EXERCISE BRIEF -> Only the lines from the one containing "(pencil t') k' -> k = k'." through the one containing "(* Let $H$ be" should be printed, exactly as they appear below, with both ends included.

MATERIAL TO PROCESS ->
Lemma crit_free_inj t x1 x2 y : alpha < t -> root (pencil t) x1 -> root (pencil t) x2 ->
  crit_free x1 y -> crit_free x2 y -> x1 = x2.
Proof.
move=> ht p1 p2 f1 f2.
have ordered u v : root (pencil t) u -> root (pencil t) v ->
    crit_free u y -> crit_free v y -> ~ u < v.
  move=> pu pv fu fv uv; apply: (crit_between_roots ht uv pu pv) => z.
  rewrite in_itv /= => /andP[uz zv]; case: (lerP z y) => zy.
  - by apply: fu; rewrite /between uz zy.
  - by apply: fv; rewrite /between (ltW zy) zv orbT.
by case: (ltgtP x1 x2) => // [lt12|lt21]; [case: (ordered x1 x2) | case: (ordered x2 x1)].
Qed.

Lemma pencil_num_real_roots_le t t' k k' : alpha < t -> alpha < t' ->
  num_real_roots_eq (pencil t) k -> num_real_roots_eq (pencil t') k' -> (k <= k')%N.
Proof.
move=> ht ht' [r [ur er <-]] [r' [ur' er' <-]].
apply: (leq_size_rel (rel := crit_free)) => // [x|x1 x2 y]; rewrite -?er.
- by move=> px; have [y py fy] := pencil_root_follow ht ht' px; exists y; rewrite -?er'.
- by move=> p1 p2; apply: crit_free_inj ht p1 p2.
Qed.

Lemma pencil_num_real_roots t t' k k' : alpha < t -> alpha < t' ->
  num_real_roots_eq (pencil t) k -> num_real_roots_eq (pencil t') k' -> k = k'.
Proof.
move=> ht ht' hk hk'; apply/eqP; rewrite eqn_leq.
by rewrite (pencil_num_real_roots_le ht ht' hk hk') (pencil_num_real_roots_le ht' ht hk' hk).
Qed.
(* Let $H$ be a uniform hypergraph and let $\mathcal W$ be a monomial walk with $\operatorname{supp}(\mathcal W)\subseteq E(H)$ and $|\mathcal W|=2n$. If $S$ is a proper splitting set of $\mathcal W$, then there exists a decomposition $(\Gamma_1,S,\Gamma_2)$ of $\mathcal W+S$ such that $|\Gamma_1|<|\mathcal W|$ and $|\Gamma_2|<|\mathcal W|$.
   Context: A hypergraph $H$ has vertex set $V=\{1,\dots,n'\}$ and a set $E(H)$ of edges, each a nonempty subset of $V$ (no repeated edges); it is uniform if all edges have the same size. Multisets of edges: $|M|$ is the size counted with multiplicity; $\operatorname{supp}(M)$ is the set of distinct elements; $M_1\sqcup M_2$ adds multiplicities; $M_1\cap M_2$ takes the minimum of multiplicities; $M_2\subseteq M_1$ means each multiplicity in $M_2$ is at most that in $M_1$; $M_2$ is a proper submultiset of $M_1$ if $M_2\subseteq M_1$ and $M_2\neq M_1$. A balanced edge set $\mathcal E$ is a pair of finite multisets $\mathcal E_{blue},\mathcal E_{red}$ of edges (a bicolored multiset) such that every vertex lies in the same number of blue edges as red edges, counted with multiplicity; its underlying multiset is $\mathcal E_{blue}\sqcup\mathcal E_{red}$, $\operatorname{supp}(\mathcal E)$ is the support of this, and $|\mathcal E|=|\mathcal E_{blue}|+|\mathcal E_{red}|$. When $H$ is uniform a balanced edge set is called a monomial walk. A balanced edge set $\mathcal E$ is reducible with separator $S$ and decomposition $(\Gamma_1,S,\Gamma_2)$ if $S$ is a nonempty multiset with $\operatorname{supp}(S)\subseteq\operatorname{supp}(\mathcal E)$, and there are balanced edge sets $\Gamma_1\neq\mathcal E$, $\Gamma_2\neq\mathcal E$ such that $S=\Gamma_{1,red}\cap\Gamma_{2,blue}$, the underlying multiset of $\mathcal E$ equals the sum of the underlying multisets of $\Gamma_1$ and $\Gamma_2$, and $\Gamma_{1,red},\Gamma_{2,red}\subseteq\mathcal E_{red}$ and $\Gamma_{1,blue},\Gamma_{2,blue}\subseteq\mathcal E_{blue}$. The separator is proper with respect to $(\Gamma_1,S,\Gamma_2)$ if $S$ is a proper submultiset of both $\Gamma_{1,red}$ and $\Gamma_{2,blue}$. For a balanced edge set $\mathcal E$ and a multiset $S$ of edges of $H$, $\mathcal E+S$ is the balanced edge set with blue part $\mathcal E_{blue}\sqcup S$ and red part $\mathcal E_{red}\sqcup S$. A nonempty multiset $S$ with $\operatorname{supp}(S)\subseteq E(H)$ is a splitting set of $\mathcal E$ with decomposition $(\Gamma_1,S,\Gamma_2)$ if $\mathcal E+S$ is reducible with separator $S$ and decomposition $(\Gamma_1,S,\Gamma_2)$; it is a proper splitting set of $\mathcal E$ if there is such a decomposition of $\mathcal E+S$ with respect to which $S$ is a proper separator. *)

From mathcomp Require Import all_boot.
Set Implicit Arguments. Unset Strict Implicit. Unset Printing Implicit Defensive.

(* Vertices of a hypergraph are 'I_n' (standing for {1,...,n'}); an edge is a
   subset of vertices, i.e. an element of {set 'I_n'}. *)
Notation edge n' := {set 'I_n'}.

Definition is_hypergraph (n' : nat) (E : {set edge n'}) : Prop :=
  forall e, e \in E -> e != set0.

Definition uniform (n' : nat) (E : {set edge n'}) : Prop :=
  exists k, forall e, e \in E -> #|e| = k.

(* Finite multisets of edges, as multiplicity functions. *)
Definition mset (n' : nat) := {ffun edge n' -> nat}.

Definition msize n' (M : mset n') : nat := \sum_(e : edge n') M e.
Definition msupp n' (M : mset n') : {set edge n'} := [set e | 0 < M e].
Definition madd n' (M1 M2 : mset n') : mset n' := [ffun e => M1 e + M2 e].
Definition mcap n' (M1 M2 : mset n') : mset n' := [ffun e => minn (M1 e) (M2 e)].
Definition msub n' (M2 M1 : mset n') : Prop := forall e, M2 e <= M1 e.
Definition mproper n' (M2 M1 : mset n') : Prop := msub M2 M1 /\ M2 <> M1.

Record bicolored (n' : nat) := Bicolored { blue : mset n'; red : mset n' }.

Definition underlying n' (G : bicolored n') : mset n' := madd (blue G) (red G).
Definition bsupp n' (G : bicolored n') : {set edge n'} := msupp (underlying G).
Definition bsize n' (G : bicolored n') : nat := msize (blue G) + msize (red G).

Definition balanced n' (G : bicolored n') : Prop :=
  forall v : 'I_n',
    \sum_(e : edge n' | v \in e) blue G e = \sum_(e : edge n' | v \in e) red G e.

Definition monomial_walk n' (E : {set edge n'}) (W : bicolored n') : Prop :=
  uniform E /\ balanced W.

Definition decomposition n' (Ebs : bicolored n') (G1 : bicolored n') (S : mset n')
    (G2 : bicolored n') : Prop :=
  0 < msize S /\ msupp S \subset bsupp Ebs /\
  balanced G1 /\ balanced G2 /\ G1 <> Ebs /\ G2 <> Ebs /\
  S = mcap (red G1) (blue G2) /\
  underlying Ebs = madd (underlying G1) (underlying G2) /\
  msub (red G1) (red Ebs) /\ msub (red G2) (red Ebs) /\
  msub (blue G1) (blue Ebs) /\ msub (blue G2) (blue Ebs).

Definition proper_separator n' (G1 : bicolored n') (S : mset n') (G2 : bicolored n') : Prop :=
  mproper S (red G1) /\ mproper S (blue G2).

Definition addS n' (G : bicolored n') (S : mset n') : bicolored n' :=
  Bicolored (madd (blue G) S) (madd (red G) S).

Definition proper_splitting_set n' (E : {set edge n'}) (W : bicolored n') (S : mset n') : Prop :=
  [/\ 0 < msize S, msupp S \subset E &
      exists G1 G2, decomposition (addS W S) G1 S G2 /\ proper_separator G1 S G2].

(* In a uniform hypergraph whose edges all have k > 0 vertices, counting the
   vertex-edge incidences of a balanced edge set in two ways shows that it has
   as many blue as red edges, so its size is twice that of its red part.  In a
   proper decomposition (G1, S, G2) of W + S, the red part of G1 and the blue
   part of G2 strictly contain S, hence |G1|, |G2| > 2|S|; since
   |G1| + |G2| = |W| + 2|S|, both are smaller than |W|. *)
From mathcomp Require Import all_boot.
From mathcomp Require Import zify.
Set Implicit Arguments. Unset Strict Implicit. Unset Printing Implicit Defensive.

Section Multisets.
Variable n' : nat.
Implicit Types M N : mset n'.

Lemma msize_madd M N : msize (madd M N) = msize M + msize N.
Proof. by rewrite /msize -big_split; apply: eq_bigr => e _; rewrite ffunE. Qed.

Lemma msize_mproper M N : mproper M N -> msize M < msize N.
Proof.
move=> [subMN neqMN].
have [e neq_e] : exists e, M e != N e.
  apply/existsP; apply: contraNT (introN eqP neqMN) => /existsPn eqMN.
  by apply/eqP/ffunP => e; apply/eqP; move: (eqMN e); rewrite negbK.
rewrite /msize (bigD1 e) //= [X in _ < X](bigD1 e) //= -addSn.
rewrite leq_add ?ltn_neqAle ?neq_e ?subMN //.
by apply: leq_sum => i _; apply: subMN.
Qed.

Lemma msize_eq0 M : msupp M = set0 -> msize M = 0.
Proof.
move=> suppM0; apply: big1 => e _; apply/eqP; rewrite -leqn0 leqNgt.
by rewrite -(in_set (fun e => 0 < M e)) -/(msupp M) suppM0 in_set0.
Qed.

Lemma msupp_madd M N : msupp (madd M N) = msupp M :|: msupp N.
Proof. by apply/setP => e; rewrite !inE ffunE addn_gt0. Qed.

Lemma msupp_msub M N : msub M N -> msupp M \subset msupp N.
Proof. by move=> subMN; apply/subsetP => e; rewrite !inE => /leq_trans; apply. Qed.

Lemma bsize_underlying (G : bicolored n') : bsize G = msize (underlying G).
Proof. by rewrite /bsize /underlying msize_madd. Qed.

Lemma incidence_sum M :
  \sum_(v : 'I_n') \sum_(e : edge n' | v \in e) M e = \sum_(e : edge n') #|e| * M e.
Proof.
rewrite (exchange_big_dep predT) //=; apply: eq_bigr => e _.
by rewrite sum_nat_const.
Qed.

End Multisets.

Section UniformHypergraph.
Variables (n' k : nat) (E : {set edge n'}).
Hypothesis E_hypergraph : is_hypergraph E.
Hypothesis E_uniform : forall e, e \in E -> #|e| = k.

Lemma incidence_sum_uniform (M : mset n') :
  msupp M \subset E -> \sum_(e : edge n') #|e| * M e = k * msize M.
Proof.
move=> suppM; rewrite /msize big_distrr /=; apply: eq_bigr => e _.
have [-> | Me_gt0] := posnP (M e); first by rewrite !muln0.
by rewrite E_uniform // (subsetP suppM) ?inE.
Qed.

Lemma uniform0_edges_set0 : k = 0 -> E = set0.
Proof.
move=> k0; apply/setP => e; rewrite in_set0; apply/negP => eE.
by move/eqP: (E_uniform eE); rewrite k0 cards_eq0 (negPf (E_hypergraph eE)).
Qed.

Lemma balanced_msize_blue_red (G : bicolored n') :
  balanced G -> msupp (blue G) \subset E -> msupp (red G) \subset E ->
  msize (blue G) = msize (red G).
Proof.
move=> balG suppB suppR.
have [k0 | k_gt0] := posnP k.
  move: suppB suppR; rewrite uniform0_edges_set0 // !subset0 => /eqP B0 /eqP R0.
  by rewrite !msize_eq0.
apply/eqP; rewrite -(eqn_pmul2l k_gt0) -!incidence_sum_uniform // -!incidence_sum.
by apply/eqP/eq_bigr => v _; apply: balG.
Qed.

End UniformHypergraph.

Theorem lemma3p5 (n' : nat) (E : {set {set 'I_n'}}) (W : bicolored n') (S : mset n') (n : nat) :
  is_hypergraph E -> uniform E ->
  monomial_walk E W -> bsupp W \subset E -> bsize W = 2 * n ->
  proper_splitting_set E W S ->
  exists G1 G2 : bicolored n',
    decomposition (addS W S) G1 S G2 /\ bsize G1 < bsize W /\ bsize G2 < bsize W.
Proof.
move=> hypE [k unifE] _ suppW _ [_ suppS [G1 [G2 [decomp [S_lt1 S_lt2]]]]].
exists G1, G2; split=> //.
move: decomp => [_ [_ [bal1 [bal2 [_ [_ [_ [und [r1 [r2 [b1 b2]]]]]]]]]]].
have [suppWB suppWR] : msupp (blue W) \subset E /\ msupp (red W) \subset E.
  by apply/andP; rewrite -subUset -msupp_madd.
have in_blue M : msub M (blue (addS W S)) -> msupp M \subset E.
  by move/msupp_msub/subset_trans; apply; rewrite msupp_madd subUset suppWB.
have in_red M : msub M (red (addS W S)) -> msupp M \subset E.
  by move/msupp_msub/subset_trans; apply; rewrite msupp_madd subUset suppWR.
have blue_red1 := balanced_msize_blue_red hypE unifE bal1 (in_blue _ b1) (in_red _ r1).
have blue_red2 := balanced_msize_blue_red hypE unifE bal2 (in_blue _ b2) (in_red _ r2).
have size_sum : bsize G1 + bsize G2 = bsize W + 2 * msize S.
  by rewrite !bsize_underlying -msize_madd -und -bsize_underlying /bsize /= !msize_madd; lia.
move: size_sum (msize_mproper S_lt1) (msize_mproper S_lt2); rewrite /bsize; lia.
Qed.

WRITTEN ANSWER ->
  num_real_roots_eq (pencil t) k -> num_real_roots_eq (pencil t') k' -> k = k'.
Proof.
move=> ht ht' hk hk'; apply/eqP; rewrite eqn_leq.
by rewrite (pencil_num_real_roots_le ht ht' hk hk') (pencil_num_real_roots_le ht' ht hk' hk).
Qed.
(* Let $H$ be a uniform hypergraph and let $\mathcal W$ be a monomial walk with $\operatorname{supp}(\mathcal W)\subseteq E(H)$ and $|\mathcal W|=2n$. If $S$ is a proper splitting set of $\mathcal W$, then there exists a decomposition $(\Gamma_1,S,\Gamma_2)$ of $\mathcal W+S$ such that $|\Gamma_1|<|\mathcal W|$ and $|\Gamma_2|<|\mathcal W|$.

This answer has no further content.